━━ Record extracts
(* Let $m,r,s,t$ be any integers and $n\ge0$ an integer, and set \[ X=q^mu_{r-s}^2+q^{2m-s}u_{r-m}^2+q^mu_{r-s}u_{r-m}v_{m-s}, \] assumed nonzero. Then \[ \begin{aligned} &\sum_{j=0}^{n}(-1)^jq^{(m-s)j}u_{r-s}^{n-j}u_{r-m}^{j}w_{(s-m)j+mn+t}\\ &=\sum_{j=0}^{n}\frac{u_{m-s}^j}{2^{j+1}}\left(u_{r-s}^{n-j}w_{(r-m)j+mn+t}+(-1)^{n-j}q^{(m-s)(n-j)}u_{r-m}^{n-j}w_{s(n-j)+t+rj}\right)\\ &=\frac{u_{r-s}^{n+2}w_{mn+t}+u_{r-s}^{n+1}u_{r-m}w_{mn+m+t-s}}{u_{r-s}^2+q^{m-s}u_{r-m}^2+u_{r-s}u_{r-m}v_{m-s}} +\frac{(-1)^nu_{r-m}^{n+1}\left(q^{(m-s)(n+1)+m}u_{r-s}w_{sn+s+t-m}+q^{(m-s)(n+2)+s}u_{r-m}w_{sn+t}\right)}{X}. \end{aligned} \]
   Context: Let $p,q$ be real numbers with $p\neq0$, $q\neq0$ and $p^2-4q>0$; let $a,b$ be complex numbers. Put $\Delta=\sqrt{p^2-4q}>0$, $\tau=(p+\Delta)/2$, $\sigma=(p-\Delta)/2$. The Horadam sequence $w_n=w_n(a,b;p,q)$ is defined by $w_0=a$, $w_1=b$, $w_n=pw_{n-1}-qw_{n-2}$, extended to all integers $n$ via $w_{n-2}=(pw_{n-1}-w_n)/q$; equivalently $w_n=A\tau^n+B\sigma^n$ with $A=(b-a\sigma)/\Delta$, $B=(a\tau-b)/\Delta$. Write $u_n=w_n(0,1;p,q)=(\tau^n-\sigma^n)/\Delta$ and $v_n=w_n(2,p;p,q)=\tau^n+\sigma^n$. *)

From mathcomp Require Import all_boot all_algebra.
From mathcomp Require Import complex.
From mathcomp Require Export Rstruct.
Set Implicit Arguments. Unset Strict Implicit. Unset Printing Implicit Defensive.
Import GRing.Theory Num.Theory.
Local Open Scope complex_scope.
Local Open Scope ring_scope.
━━━━
Activity:
Collect the lines of the data that carry the word "Scope".

Result of the task:
Local Open Scope complex_scope.
Local Open Scope ring_scope.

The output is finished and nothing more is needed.